Currently they appear to be much more aware of secondary care (hospital) processes and are yet to learn that comprehensive consultation is imperative with the community. Both patients and general practice teams have been denied the opportunity to stress how fundamental such a quality service is to the success of effective primary care.” Dr Fox said Council members from outside Auckland had confirmed that where other DHBs has also changed the services in a bid to save money, the end result had been a degradation in the quality of service. “For those of us in Auckland, it confirmed our worst fears,” he said.

The College has also questioned whether DHBs followed change requirements set out in the Operational Policy Framework, specifically to consider impacts on the DHB provider arm, community and clinical views.

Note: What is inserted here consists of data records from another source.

(* The substitution z := w^2 is a ring morphism: it corresponds to composing
   truncations with 'X^2. *)
Lemma approx_up N P f : approx N P f -> approx N.*2 (P \Po 'X^2) (fup f).
Proof.
move=> HP i Hi; rewrite coef_comp_poly_Xn // /fup dvdn2.
case: (boolP (odd i)) => //= Ho; rewrite HP -?divn2 //.
by rewrite -muln2 in Hi; rewrite ltn_divLR.
Qed.

Lemma fup_is_zmod_morphism : zmod_morphism fup.
Proof.
move=> f g; apply: funext => n.
by rewrite /fup -!fsubE /fsub /fadd /fopp; case: odd; rewrite ?subr0.
Qed.

Lemma fup_is_monoid_morphism : monoid_morphism fup.
Proof.
split=> [|f g]; first by apply: funext => -[|[|n]] //=; rewrite /fup /=; case: odd.
apply: funext => n.
have Hf := approx_trunc n.+1 f; have Hg := approx_trunc n.+1 g.
apply: (approx_eq (approx_up (approx_mul Hf Hg))
                  (approx_mul (approx_up Hf) (approx_up Hg))).
  exact: comp_polyM.
by rewrite -addnn; apply: leq_trans (leq_addr _ _).
Qed.

HB.instance Definition _ :=
  GRing.isZmodMorphism.Build fps fps fup fup_is_zmod_morphism.
HB.instance Definition _ :=
  GRing.isMonoidMorphism.Build fps fps fup fup_is_monoid_morphism.

Lemma fup_fX : fup fX = fX * fX.
Proof.
apply: funext => n; rewrite coef_fXM; case: n => [|[|[|k]]] //.
by rewrite /fup /fX /=; case: ifP => // Hk; case: k Hk.
Qed.

Definition eq_upto (m : nat) (f g : fps) := forall i, (i < m)%N -> f i = g i.

Lemma eq_upto_mul m f f' g g' :
  eq_upto m f f' -> eq_upto m g g' -> eq_upto m (f * g) (f' * g').
Proof.
move=> Hf Hg i Hi; rewrite -!fmulE /fmul; apply: eq_bigr => j _.
rewrite Hf ?Hg //; last by apply: leq_ltn_trans Hi; rewrite -ltnS.
by apply: leq_ltn_trans Hi; rewrite leq_subr.
Qed.

Lemma eq_upto_add m f f' g g' :
  eq_upto m f f' -> eq_upto m g g' -> eq_upto m (f + g) (f' + g').
Proof. by move=> Hf Hg i Hi; rewrite !coefD_fps Hf ?Hg. Qed.

Lemma eq_upto_opp m f f' : eq_upto m f f' -> eq_upto m (- f) (- f').
Proof. by move=> Hf i Hi; rewrite !coefN_fps Hf. Qed.

Lemma eq_upto_fXM m f g : eq_upto m f g -> eq_upto m.+1 (fX * f) (fX * g).
Proof. by move=> H [|i] Hi; rewrite !coef_fXM // H. Qed.

Lemma eq_upto_le m n f g : (n <= m)%N -> eq_upto m f g -> eq_upto n f g.
Proof. by move=> Hn H i Hi; apply: H; apply: leq_trans Hn. Qed.

Lemma eq_upto_trans m f g h : eq_upto m f g -> eq_upto m g h -> eq_upto m f h.
Proof. by move=> H1 H2 i Hi; rewrite H1 ?H2. Qed.

Definition contractive (F : fps -> fps) :=
  forall m f g, eq_upto m f g -> eq_upto m.+1 (F f) (F g).

(* Every contractive map has a fixed point: the coefficientwise limit of the
   iterates of 0, since the k-th iterate is correct below order k. *)
Lemma contractive_fixpoint F : contractive F -> exists x, F x = x.
Proof.
move=> HF; pose it k := iter k F 0.
have step k : eq_upto k (it k) (it k.+1).
  by elim: k => [|k IH] //; apply: HF IH.
have stable k j : (k <= j)%N -> eq_upto k (it k) (it j).
  elim: j => [|j IH]; first by case: k.
  rewrite leq_eqVlt ltnS => /orP[/eqP -> //|Hkj].
  exact: eq_upto_trans (IH Hkj) (eq_upto_le Hkj (step j)).
exists (fun n => it n.+1 n); apply: funext => n.
have E : eq_upto n.+1 (fun n => it n.+1 n) (it n.+1).
  by move=> i Hi; apply: (stable i.+1 n.+1).
by rewrite (HF _ _ _ E n (ltnW (ltnSn _))) (step n.+1).
Qed.

Lemma fX3M g : fX ^+ 3 * g = fX * (fX * (fX * g)). Proof. by ring. Qed.

Lemma coef_fX3 n : (fX ^+ 3 : fps) n = if n == 3%N then 1 else 0.
Proof. by rewrite -[fX ^+ 3]mulr1 fX3M; case: n => [|[|[|[|n]]]]; rewrite !coef_fXM. Qed.

(* t = z^3 w^2 with w = 1 + z^3 w^3 (so that w = 1/(1-t)) solves the defining
   equation of t. *)
Lemma exists_t : exists t, is_t t.
Proof.
have [w Hw] : exists w, 1 + fX ^+ 3 * (w * w * w) = w.
  apply: contractive_fixpoint => m f g H; apply: eq_upto_add => //.
  rewrite !fX3M; apply: eq_upto_le (eq_upto_fXM (eq_upto_fXM (eq_upto_fXM
    (eq_upto_mul (eq_upto_mul H H) H)))); lia.
exists (fX ^+ 3 * w ^+ 2).
have Hw1 : w * (1 - fX ^+ 3 * w ^+ 2) = 1.
  transitivity (w - fX ^+ 3 * (w * w * w)); first by ring.
  by rewrite -{1}Hw addrK.
split.
  move=> n; rewrite fexpE fmulE fexpE fsubE fC1E.
  suff -> : fX ^+ 3 * w ^+ 2 * (1 - fX ^+ 3 * w ^+ 2) ^+ 2 = fX ^+ 3 by [].
  by rewrite -[RHS]mulr1 -(expr1n _ 2) -{2}Hw1; ring.
have w_low : eq_upto 3 w 1.
  by move=> [|[|[|i]]] // _; rewrite -Hw coefD_fps fX3M !coef_fXM addr0.
have t_low : eq_upto 6 (fX ^+ 3 * w ^+ 2) (fX ^+ 3 * 1).
  rewrite !fX3M; do 3 apply: eq_upto_fXM.
  by rewrite expr2 -(mulr1 1); apply: eq_upto_mul.
by move=> n Hn; rewrite t_low // mulr1 fexpE.
Qed.

Lemma exists_sqrt (A : fps) (a : rat) : a != 0 -> A 0%N = a ^+ 2 ->
  exists r, r * r = A.
Proof.
move=> a0 HA0; pose A' : fps := fun n => A n.+1.
have HA : A = fC (a ^+ 2) + fX * A'.
  by apply: funext => -[|n]; rewrite coefD_fps coef_fXM /= ?addr0 ?add0r.
have [q Hq] : exists q, fC (2 * a)^-1 * (A' - fX * (q * q)) = q.
  apply: contractive_fixpoint => m f g H; apply: eq_upto_mul => //.
  by apply: eq_upto_add => //; apply/eq_upto_opp/eq_upto_fXM/eq_upto_mul.
have Hq' : fC (2 * a) * q = A' - fX * (q * q).
  rewrite -{1}Hq mulrA -rmorphM mulfV ?rmorph1 ?mul1r //.
  by rewrite mulf_neq0 ?pnatr_eq0.
exists (fC a + fX * q); rewrite HA; apply/eqP; rewrite -subr_eq0; apply/eqP.
transitivity (fX * (fC (2 * a) * q - (A' - fX * (q * q)))).
  by rewrite !rmorphM (rmorph_nat fC 2); ring.
by rewrite Hq' subrr mulr0.
Qed.

Section Chebyshev.
Variable R : comNzRingType.
Variables e p : R.

Definition cheb_term k i : R :=
  (-1) ^+ i * ('C(k - i, i))%:R * (e ^+ (k - 2 * i) * p ^+ i).
Definition cheb_partial N k := \sum_(i < N) cheb_term k i.
Definition cheb k := cheb_partial (k./2).+1 k.

Lemma cheb_term_small k i : (k./2 < i)%N -> cheb_term k i = 0.
Proof. by move=> H; rewrite /cheb_term bin_small ?mulr0 ?mul0r //; lia. Qed.

Lemma cheb_partial_cheb N k : (k./2 < N)%N -> cheb_partial N k = cheb k.
Proof.
elim: N => [|N IH] //; rewrite ltnS leq_eqVlt => /orP[/eqP <- //|Hlt].
by rewrite /cheb_partial big_ord_recr /= -/(cheb_partial N k) IH // cheb_term_small // addr0.
Qed.

(* Pascal's rule C(k+1-i, i+1) = C(k-i, i+1) + C(k-i, i), termwise. *)
Lemma cheb_term_rec k i :
  cheb_term k.+2 i.+1 = e * cheb_term k.+1 i.+1 - p * cheb_term k i.
Proof.
rewrite /cheb_term; case: (leqP i k) => Hik; last first.
  by rewrite !bin_small; try lia; rewrite !mulr0 !mul0r !mulr0 subr0.
have -> : (k.+2 - i.+1 = (k - i).+1)%N by lia.
have -> : (k.+1 - i.+1 = k - i)%N by lia.
have -> : (k.+2 - 2 * i.+1 = k - 2 * i)%N by lia.
rewrite binS natrD; case: (leqP (2 * i).+1 k) => H2.
  have -> : (k.+1 - 2 * i.+1 = (k - 2 * i).-1)%N by lia.
  have -> : e ^+ (k - 2 * i) = e * e ^+ (k - 2 * i).-1.
    by rewrite -exprS; congr (_ ^+ _); lia.
  rewrite !exprS; ring.
rewrite (bin_small (n := k - i)); last by lia.
rewrite !exprS; ring.
Qed.

Lemma cheb0 : cheb 0 = 1.
Proof. by rewrite /cheb /cheb_partial big_ord1 /cheb_term /= bin0 !expr0 !mulr1. Qed.

Lemma cheb1 : cheb 1 = e.
Proof. by rewrite /cheb /cheb_partial big_ord1 /cheb_term /= bin0 !expr0 !mulr1 mul1r expr1. Qed.

Lemma cheb_rec k : cheb k.+2 = e * cheb k.+1 - p * cheb k.
Proof.
rewrite -(@cheb_partial_cheb k.+3) -?(@cheb_partial_cheb k.+3 k.+1)
        -?(@cheb_partial_cheb k.+2 k); try lia.
rewrite /cheb_partial big_ord_recl [in X in e * X]big_ord_recl mulrDr.
under eq_bigr do rewrite cheb_term_rec.
rewrite sumrB -!mulr_sumr.
have -> : cheb_term k.+2 0 = e * cheb_term k.+1 0.
  by rewrite /cheb_term !subn0 !bin0 !expr0 !mul1r !mulr1 exprS.
rewrite /=; ring.
Qed.
End Chebyshev.

Lemma lucas_closed_form (R : comNzRingType) (a b : R) (V : nat -> R) :
  V 0%N = 1 -> V 1%N = a + b ->
  (forall k, V k.+2 = (a + b) * V k.+1 - a * b * V k) ->
  forall k, (a - b) * V k = a ^+ k.+1 - b ^+ k.+1.
Proof.
move=> V0 V1 Vrec.
suff H k : (a - b) * V k = a ^+ k.+1 - b ^+ k.+1 /\
           (a - b) * V k.+1 = a ^+ k.+2 - b ^+ k.+2 by move=> k; case: (H k).
elim: k => [|k [IH1 IH2]]; first by rewrite V0 V1; split; ring.
split=> //; rewrite Vrec.
transitivity ((a + b) * ((a - b) * V k.+1) - a * b * ((a - b) * V k)); first by ring.
by rewrite IH1 IH2 !exprS; ring.
Qed.

Lemma phi_psi_unique (F G : nat -> fps) :
  (forall k, F k = (if k is 0 then 1 else 0)
                   + fX * (if k is k'.+1 then F k' else 0) + fX * G k) ->
  (forall k, G k = fX * (if k is k'.+1 then G k' else 0) + fX * F k.+1) ->
  forall k, F k = phi k /\ G k = psi k.
Proof.
move=> HF HG.
suff H n k : F k n = (c n k)%:R /\ G k n = (d n k)%:R.
  by move=> k; split; apply: funext => n; case: (H n k).
elim: n k => [|n IH] k; split.
- by rewrite HF !coefD_fps !coef_fXM !addr0; case: k => [|k] //=; rewrite coef0_fps.
- by rewrite HG !coefD_fps !coef_fXM !addr0.
- rewrite HF !coefD_fps !coef_fXM /=; case: k => [|k] /=; rewrite ?coef0_fps add0r.
    by rewrite add0n (proj2 (IH 0%N)).
  by rewrite natrD (proj1 (IH k)) (proj2 (IH k.+1)).
- rewrite HG !coefD_fps !coef_fXM /=; case: k => [|k] /=; rewrite ?coef0_fps ?add0r.
    by rewrite add0n (proj1 (IH 1%N)).
  by rewrite natrD (proj2 (IH k)) (proj1 (IH k.+2)).
Qed.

Dr Fox said it was bizarre that, at a time when patient waiting lists are being slashed, with general practice exhorted to care for patients outside hospitals, that a world class primary care service should be put at risk.

Dr Fox said GPs would work with whoever provides the service, but were very uneasy with the potential risk to public safety from the change to service specifications. In particular the Council was concerned that these changes could result in a increase in hospital admissions. “You can’t just say ‘Sorry, we got it wrong’ when the quality of patient care is at stake.”